The decision amounts to a stunning loss for Makan Delrahim, President Trump’s chief antitrust regulator. The Justice Department had not lost an antitrust case since 2004, and since the Nixon administration, the agency had not challenged in court a so-called vertical deal, in which companies in different lines of businesses seek to merge. In a statement, Delrahim said he was “disappointed” in the ruling, saying that his division would “consider next steps in light of our commitment to preserving competition.”

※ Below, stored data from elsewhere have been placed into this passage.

Lemma card_col_cells_le_height F U (c : 'I_N.+1) : #|col_cells F U c| <= col_height c.
Proof.
rewrite /col_cells card_set_sum; apply: leq_sum => r _.
have [_ | lt_al] := leqP c (al r); first exact: leq_b1.
by rewrite /nbbox (leqNgt c) lt_al andbF.
Qed.

Lemma card_col_cells_le_capacity F U t (c : 'I_N.+1) :
  NAF sigma F -> #|col_cells F U c| <= col_capacity t #|U| c.
Proof.
move=> nafF; have [c0 | c_gt0] := posnP c.
  by rewrite /col_cells card_set_sum big1 // => r _; rewrite /nbbox c0.
rewrite /col_capacity c_gt0; case: leqP => [le_ct | lt_tc] /=.
  by rewrite mul1n mul0n addn0 card_col_cells_le_card.
by rewrite mul0n mul1n card_col_cells_le_height.
Qed.

Lemma col_height_count c : col_height c = count (leq c) alpha.
Proof. by rewrite -sum1_count big_tuple big_mkcond. Qed.

Section Content.
Variables (gamma : n.-tuple nat) (F : filling).
Hypotheses (nafF : NAF sigma F) (contF : has_content sigma gamma F).

Definition heavy (t : nat) : {set 'I_n} := [set v | t <= multiplicity F v].

Lemma multiplicity_sigma r : multiplicity F (sigma r) = tnth gamma r.
Proof. by move/forallP: contF => /(_ r)/eqP. Qed.

Lemma card_heavy t : #|heavy t| = count (leq t) gamma.
Proof.
rewrite card_set_sum -sum1_count big_tuple [RHS]big_mkcond.
rewrite (reindex_inj (@perm_inj _ sigma)) /=.
by apply: eq_bigr => r _; rewrite multiplicity_sigma.
Qed.

Lemma sum_card_col_cells_heavy t :
  \sum_(c < N.+1) #|col_cells F (heavy t) c| = t * #|heavy t| + \sum_(x <- gamma) (x - t).
Proof.
rewrite sum_card_col_cells big_tuple.
transitivity (\sum_(v in heavy t) (t + (multiplicity F v - t))).
  by apply: eq_bigr => v; rewrite inE => le_t; rewrite subnKC.
rewrite big_split /= sum_nat_const mulnC; congr (_ + _).
rewrite big_mkcond (reindex_inj (@perm_inj _ sigma)) /=.
apply: eq_bigr => r _; rewrite inE multiplicity_sigma.
by case: leqP => // /ltnW; rewrite -subn_eq0 => /eqP->.
Qed.

Lemma content_le_Ncol s : tnth gamma s <= N.
Proof.
rewrite -multiplicity_sigma.
have -> : multiplicity F (sigma s) = \sum_(c < N.+1) #|col_cells F [set sigma s] c|.
  by rewrite sum_card_col_cells big_set1.
apply: (@leq_trans (\sum_(c < N.+1) col_capacity N #|[set sigma s]| c)).
  by apply: leq_sum => c _; apply: card_col_cells_le_capacity.
rewrite sum_col_capacity cards1 minnn muln1 big_tuple big1 ?addn0 // => r _.
by apply/eqP; rewrite subn_eq0 al_le_Ncol.
Qed.

Section EqualTails.
Variable t : nat.
Hypothesis eq_tail : \sum_(x <- gamma) (x - t) = \sum_(x <- alpha) (x - t).

Lemma card_col_cells_heavy (c : 'I_N.+1) :
  #|col_cells F (heavy t) c| = col_capacity t #|heavy t| c.
Proof.
have le_cap (d : 'I_N.+1) : #|col_cells F (heavy t) d| <= col_capacity t #|heavy t| d.
  exact: card_col_cells_le_capacity.
apply: (eq_of_sum_geq le_cap).
rewrite sum_col_capacity sum_card_col_cells_heavy eq_tail.
by rewrite leq_add2r leq_mul2r geq_minl orbT.
Qed.

Lemma count_geq_content_le : count (leq t) gamma <= count (leq t) alpha.
Proof.
have [-> | t_gt0] := posnP t.
  by rewrite !(@eq_count _ _ predT) // !count_predT !size_tuple.
rewrite leqNgt; apply/negP => lt_count.
have /hasP[_ /tnthP[s ->] le_ts] : has (leq t) gamma.
  by rewrite has_count (leq_ltn_trans _ lt_count).
have le_tN : t <= N := leq_trans le_ts (content_le_Ncol s).
have := card_col_cells_heavy (inord t).
rewrite /col_capacity inordK ?ltnS // t_gt0 leqnn ltnn /= mul1n mul0n addn0 => eq_card.
have := card_col_cells_le_height F (heavy t) (inord t).
by rewrite eq_card inordK ?ltnS // col_height_count card_heavy leqNgt lt_count.
Qed.

End EqualTails.

Lemma NAF_column_contains s (c : 'I_N.+1) :
  \sum_(x <- gamma) (x - tnth gamma s) = \sum_(x <- alpha) (x - tnth gamma s) ->
  0 < c -> c <= tnth gamma s -> exists2 r, c <= al r & F (r, c) = sigma s.
Proof.
set t := tnth gamma s => eq_tail c_gt0 le_ct.
have := card_col_cells_heavy eq_tail c.
rewrite /col_capacity c_gt0 le_ct ltnNge le_ct /= mul1n mul0n addn0 => full.
have sub : [set F (r, c) | r in col_cells F (heavy t) c] \subset heavy t.
  by apply/subsetP => v /imsetP[r]; rewrite inE => /andP[_ FU] ->.
have inj : {in col_cells F (heavy t) c &, injective (fun r => F (r, c))}.
  move=> r1 r2; rewrite !inE => /andP[/andP[_ le1] _] /andP[/andP[_ le2] _].
  exact: NAF_column_inj.
have /subset_cardP/(_ sub)/(_ (sigma s)) :
    #|[set F (r, c) | r in col_cells F (heavy t) c]| = #|heavy t|.
  by rewrite card_in_imset.
rewrite inE multiplicity_sigma leqnn => /imsetP[r].
by rewrite inE => /andP[/andP[_ le_cr] _] ->; exists r.
Qed.

Definition row_filled (j : 'I_n) : Prop := forall c, c <= al j -> ent F j c = sigma j.

Section Rows.
Hypothesis eq_tails : forall t, \sum_(x <- gamma) (x - t) = \sum_(x <- alpha) (x - t).

Lemma row_step (s : 'I_n) : (forall j : 'I_n, j < s -> row_filled j) ->
  forall c, c <= tnth gamma s -> c <= al s /\ ent F s c = sigma s.
Proof.
move=> filled; elim=> [|c IH] le_c.
  rewrite /ent (_ : inord 0 = ord0) ?NAF_basement //.
  by apply: val_inj; rewrite /= inordK.
have [le_cs ent_c] := IH (ltnW le_c).
have lt_cN : c.+1 < N.+1 by rewrite ltnS (leq_trans le_c) ?content_le_Ncol.
have [r le_cr Frc] : exists2 r, c.+1 <= al r & F (r, inord c.+1) = sigma s.
  by have := NAF_column_contains (c := inord c.+1) (eq_tails _); rewrite !inordK //; apply.
have [lt_rs | lt_sr | /val_inj eq_rs] := ltngtP r s.
- have := filled r lt_rs c.+1 le_cr; rewrite /ent Frc => /val_inj/perm_inj eq_sr.
  by rewrite eq_sr ltnn in lt_rs.
- (* the box (s, c), already known to hold sigma s, attacks (r, c+1) *)
  have := NAF_diagonal nafF (c := inord c.+1) (r1 := s) (r2 := r).
  by rewrite inordK //= le_cs le_cr lt_sr Frc -ent_c eqxx => /(_ isT isT isT isT).
by move: le_cr Frc; rewrite eq_rs /ent => -> ->.
Qed.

Months before Trump nominated him to the Justice Department’s leading antitrust position in 2017, Delrahim even had expressed an openness to the combination of AT&T and Time Warner, predicting in an interview on Canadian television that it might not trigger any regulatory concerns. Trump, however, repeatedly blasted the merger, due in no small part to his opposition to CNN, which is owned by Time Warner. Delrahim maintained that he had not been instructed by the White House as to how to handle the transaction.
The White House did not respond to a request for comment.
The Federal Trade Commission, the government’s other antitrust agency, steered clear of an extensive examination of another vertical merger when Amazon.com sought to buy national grocery chain Whole Foods in 2017. (Amazon chief executive Jeffrey P. Bezos owns The Washington Post.) The Justice Department is handling CVS’s vertical merger with Aetna, a deal many analysts now expect to pass scrutiny.
But the Justice Department’s loss could spread to other types of mergers, such as when companies try to gobble up competitors in the same sector – transactions known as horizontal deals. A looming example is the pending merger of Sprint and T-Mobile, a $26 billion combination of the country’s third and fourth-largest wireless companies.
These firms have argued since announcing the deal in April that the only way they can build out the next generation of wireless networks, and keep the industry competitive, is if they combine forces. A person familiar with Sprint and T-Mobile’s thinking, though not authorized to speak on the record, indicated the companies planned to point to AT&T’s victory as they seek to sell their merger over the coming months to antitrust regulators.
“That will really force AT&T and Verizon to have to work harder,” the person said of the merger. “It will allow T-Mobile to compete in spaces or sectors that they really haven’t done so today. That faster broadband, that faster wireless network, will be a realistic alternative for delivering content that T-Mobile can’t do today.”
Correction: A previous version of this story incorrectly said the FTC is handling CVS's merger with Aetna. The Justice Department is overseeing that deal.